>>>>>

(* Let $V=(\mathbb F_2)^n$ and let $T'$ be a subgroup of the translation group $T(V)$ of order $2^{n-1}$, and set $U=\{v\in V:\sigma_v\in T'\}$. Let $\mathcal A,\mathcal B$ be partitions of $V$. Then $T'$ maps $\mathcal A$ onto $\mathcal B$ (i.e. every non-identity $\rho\in T'$ maps $\mathcal A$ onto $\mathcal B$) if and only if $\mathcal A=\mathcal B$ and either $\mathcal A=\mathcal L(W)$ for some subspace $W$ of $V$, or $\mathcal A=\mathcal{LA}_U(W_1|W_2)$ for some subspaces $W_1,W_2$ of $U$.
   Context: $\sigma_v$ denotes the translation $x\mapsto x+v$ and $T(V)=\{\sigma_v:v\in V\}$. A permutation $\rho$ maps a partition $\mathcal A$ onto $\mathcal B$ if $\{A\rho:A\in\mathcal A\}=\mathcal B$. For a subspace $W$, $\mathcal L(W)=\{W+v:v\in V\}$ (linear partition). For a subspace $U$ of dimension $n-1$ and subspaces $W_1,W_2\subseteq U$, the linear-affine partition is $\mathcal{LA}_U(W_1|W_2)=\{W_1+v:v\in U\}\cup\{(W_2+\bar v)+v:v\in U\}$, where $\bar v$ is any element of $V\setminus U$ (the partition does not depend on this choice); if $W_1=W_2$ it equals $\mathcal L(W_1)$. *)

From HB Require Import structures.
From mathcomp Require Import all_boot all_order all_algebra all_fingroup.
Set Implicit Arguments. Unset Strict Implicit. Unset Printing Implicit Defensive.
Import GRing.Theory.
Local Open Scope ring_scope.

Notation Vn n := 'rV['F_2]_n.
Lemma normal_spectral_op X : X \is normalmx ->
  X = (spectralmx X)^t* *m diag_op (eigenval X) *m spectralmx X.
Proof.
move=> nX; have -> : diag_op (eigenval X) = diag_mx (spectral_diag X).
  by rewrite diag_op_mx; apply/matrixP => i j; rewrite !mxE /eigenval enum_valK.
exact: normal_spectralE.
Qed.

Lemma eigenval_ge0 X x : psdmx X -> 0 <= eigenval X x.
Proof.
move=> psdX; have decX := normal_spectral_op (psdmx_normal psdX).
have Vu := spectral_unitarymx X; set V := spectralmx X in decX Vu *.
have := ent_conj_diag V X x; rewrite {1}decX !mulmxA (unitarymxP Vu) mul1mx mulmxtVK //.
by rewrite ent_diag_op eqxx mul1r => ->; apply: psdmx_qform.
Qed.

Lemma psdmx_qform_eq0 X f : psdmx X -> qform X f = 0 ->
  forall y, \sum_x f x * ent X x y = 0.
Proof.
move=> psdX fX0 y; have := normal_spectral_op (psdmx_normal psdX).
set V := spectralmx X; set d := eigenval X => decX.
pose g k := \sum_x f x * ent (V^t*) x k.
have dg0 k : d k * g k = 0.
  have : qform X f = \sum_k d k * (g k * (g k)^*).
    by rewrite decX -[X in _ *m X]trmxCK qform_conj qform_diag_op.
  rewrite fX0 => /esym/eqP; rewrite psumr_eq0 => [/allP/(_ k (mem_index_enum _))|j _].
    by rewrite mulf_eq0 mul_conjC_eq0 => /orP[]/eqP->; rewrite ?mul0r ?mulr0.
  by rewrite mulr_ge0 ?mul_conjC_ge0 ?eigenval_ge0.
transitivity (\sum_k d k * g k * ent V k y); last first.
  by rewrite big1 // => k _; rewrite dg0 mul0r.
rewrite {1}decX; under eq_bigr do rewrite ent_mulmx big_distrr /=.
rewrite exchange_big; apply: eq_bigr => k _ /=; rewrite /g mulr_sumr mulr_suml.
by apply: eq_bigr => x _ /=; rewrite ent_mulmx_diag; ring.
Qed.

End PositiveOperators.

Section OperatorPowers.
Variables (R : realType) (T : finType).
Implicit Types (X Y W : Op R T) (e f : T -> R[i]).

Definition powRe (s : R) (z : R[i]) : R[i] := (powR (complex.Re z) s)%:C.

Lemma powRe_ge0 s z : 0 <= powRe s z.
Proof. by rewrite /powRe ler0c powR_ge0. Qed.

Lemma powRe_gt0 s z : 0 <= z -> z != 0 -> 0 < powRe s z.
Proof.
case: z => x y; rewrite lecE /= => /andP[/eqP-> x0] z0.
rewrite /powRe ltcE /= eqxx powR_gt0 // lt_def x0 andbT.
by apply: contra z0 => /eqP->.
Qed.

Lemma powReM s (c : R) z : 0 <= c -> 0 <= z ->
  powRe s (c%:C * z) = (powR c s)%:C * powRe s z.
Proof.
move=> c0; case: z => x y; rewrite lecE /= => /andP[/eqP-> x0].
by rewrite /powRe /= !mul0r subr0 powRM // rmorphM.
Qed.

Lemma mxpowR_unitary_diag X W e s : W \is unitarymx ->
  X = W^t* *m diag_op e *m W ->
  mxpowR X s = W^t* *m diag_op (fun x => powRe s (e x)) *m W.
Proof.
move=> Wu decX.
have decX' : X = invmx W *m diag_mx (\row_j e (enum_val j)) *m W.
  by rewrite (invmx_unitary Wu) -diag_op_mx.
have := spectral_calculus_unitary (powRe s) Wu decX'.
rewrite (invmx_unitary Wu) => calc; apply: etrans calc _; rewrite diag_op_mx.
by apply: (congr1 (fun v => W^t* *m diag_mx v *m W)); apply/rowP => j; rewrite !mxE.
Qed.

Lemma psdmx_mxpowR X s : X \is normalmx -> psdmx (mxpowR X s).
Proof.
move=> nX.
rewrite (mxpowR_unitary_diag s (spectral_unitarymx X) (normal_spectral_op nX)).
by apply: psdmx_unitary_diag => x; apply: powRe_ge0.
Qed.

Lemma mxtrace_mxpowR X s : X \is normalmx ->
  \tr (mxpowR X s) = \sum_x powRe s (eigenval X x).
Proof.
move=> nX.
rewrite (mxpowR_unitary_diag s (spectral_unitarymx X) (normal_spectral_op nX)).
by rewrite mxtrace_unitary_conj ?spectral_unitarymx // mxtrace_diag_op.
Qed.

Lemma mxtrace_mxpowR_gt0 X s : psdmx X -> \tr X != 0 ->
  0 < complex.Re (\tr (mxpowR X s)).
Proof.
move=> psdX; have nX := psdmx_normal psdX.
rewrite {1}(normal_spectral_op nX) mxtrace_unitary_conj ?spectral_unitarymx //.
rewrite mxtrace_diag_op psumr_neq0 => [/hasP[x _ /= eig_gt0]|x _]; last first.
  exact: eigenval_ge0.
rewrite mxtrace_mxpowR // raddf_sum (bigD1 x) //= ltr_pwDl ?powR_gt0 //.
  by move: eig_gt0; rewrite ltcE => /andP[].
by rewrite sumr_ge0 // => y _; rewrite powR_ge0.
Qed.

Lemma mxpowR_scale X (c s : R) : 0 <= c -> psdmx X ->
  mxpowR (c%:C *: X) s = (powR c s)%:C *: mxpowR X s.
Proof.
move=> c0 psdX; have decX := normal_spectral_op (psdmx_normal psdX).
have Vu := spectral_unitarymx X; set V := spectralmx X in decX Vu *.
have decCX : c%:C *: X = V^t* *m diag_op (fun x => c%:C * eigenval X x) *m V.
  by rewrite {1}decX scalemxAl scalemxAr scale_diag_op.
rewrite (mxpowR_unitary_diag s Vu decX) (mxpowR_unitary_diag s Vu decCX).
rewrite scalemxAl scalemxAr scale_diag_op.
apply: (congr1 (fun e => V^t* *m diag_op e *m V)); apply: funext => x.
by rewrite powReM ?eigenval_ge0 ?ler0c.
Qed.

End OperatorPowers.

Section Supports.
Variables (R : realType) (T : finType).
Implicit Types (X Y W : Op R T) (e f : T -> R[i]).

Lemma supp_sub_unitary_diag X W e : W \is unitarymx ->
  supp_sub X (W^t* *m diag_op e *m W) <->
  forall k y, e k = 0 -> ent (W *m X) k y = 0.
Proof.
move=> Wu; have Wtu : W^T \in unitmx by rewrite unitmx_tr unitarymx_unit.
have WWt : (W^t*)^T *m W^T = 1%:M by rewrite -trmx_mul (unitarymxP Wu) trmx1.
rewrite /supp_sub -(submxMfree _ _ (_ : row_free W^T)) ?row_free_unit //.
rewrite !trmx_mul -!mulmxA WWt mulmx1.
rewrite (eqmxMfull _ (_ : row_full W^T)) ?row_full_unit //.
rewrite -trmx_mul diag_op_mx tr_diag_mx submx_diag_mx.
split=> [Wv0 k y ek0|We0 i k].
  by have := Wv0 (enum_rank y) (enum_rank k); rewrite mxE enum_rankK mxE => /(_ ek0).
by rewrite mxE => ek0; have := We0 _ (enum_val i) ek0; rewrite mxE /ent !enum_valK.
Qed.
(* Let $k\ge2$, $p\in(0,1)$, $q=1-p$, and $R^{(k)}_n(p)=\mathbb{E}[Y(k,n,p)]$. Then $R^{(k)}_1(p)=1$, for $n\ge2$ $$R^{(k)}_n(p)=n-\frac1q\sum_{i=1}^{n-1}(n-i)\,s^{(k)}_i\,(p^{k-1}q)^i,$$ and $$\sum_{n\ge1}R^{(k)}_n(p)z^n=\frac{z}{(1-z)^2}\left(1-\frac1qS^{(k)}(p^{k-1}qz)\right).$$
   Context: Matchbox process: fix integers $k\ge 2$, $n\ge 1$ and $p\in(0,1)$, $q=1-p$. Initially $k$ boxes each contain $n$ matches. At each time step, independently, with probability $p$ a match is removed from a box currently containing the largest number of matches, and with probability $q$ from a box currently containing the smallest number (ties broken arbitrarily). A diagonal state is a state in which all $k$ boxes contain the same number of matches. Let $Y=Y(k,n,p)$ be the smallest $i\in\{1,\dots,n-1\}$ such that the process reaches the diagonal state in which every box contains $n-i$ matches (before any box is empty), with the convention $Y=n$ if no such $i$ exists. $s^{(k)}_i=\frac{k-1}{ki-1}\binom{ki-1}{i-1}$ and $S^{(k)}(z)=\sum_{i\ge1}s^{(k)}_iz^i$. *)

From mathcomp Require Import all_boot all_order all_algebra.
From mathcomp Require Import all_classical all_reals all_analysis.
Set Implicit Arguments. Unset Strict Implicit. Unset Printing Implicit Defensive.
Import Order.TTheory GRing.Theory Num.Theory.
Local Open Scope ring_scope.

(* A state of the matchbox process: the list of the k box contents. *)
Definition maxbox (s : seq nat) : nat := \max_(x <- s) x.
Definition minbox (s : seq nat) : nat := \big[minn/head 0%N s]_(x <- s) x.

Definition remove_at (s : seq nat) (i : nat) : seq nat :=
  set_nth 0%N s i (nth 0%N s i).-1.

(* One step: b = true means "remove from a largest box" (probability p),
   b = false means "remove from a smallest box" (probability q = 1 - p). *)
Definition mstep (s : seq nat) (b : bool) : seq nat :=
  if b then remove_at s (index (maxbox s) s)
  else remove_at s (index (minbox s) s).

<<<<<

> The task:
Look through the material above and print exactly the lines from the one containing "by rewrite sumr_ge0" to the one containing "rewrite (mxpowR_unitary_diag s Vu", both included, and nothing more.

> Reply:
by rewrite sumr_ge0 // => y _; rewrite powR_ge0.
Qed.

Lemma mxpowR_scale X (c s : R) : 0 <= c -> psdmx X ->
  mxpowR (c%:C *: X) s = (powR c s)%:C *: mxpowR X s.
Proof.
move=> c0 psdX; have decX := normal_spectral_op (psdmx_normal psdX).
have Vu := spectral_unitarymx X; set V := spectralmx X in decX Vu *.
have decCX : c%:C *: X = V^t* *m diag_op (fun x => c%:C * eigenval X x) *m V.
  by rewrite {1}decX scalemxAl scalemxAr scale_diag_op.
rewrite (mxpowR_unitary_diag s Vu decX) (mxpowR_unitary_diag s Vu decCX).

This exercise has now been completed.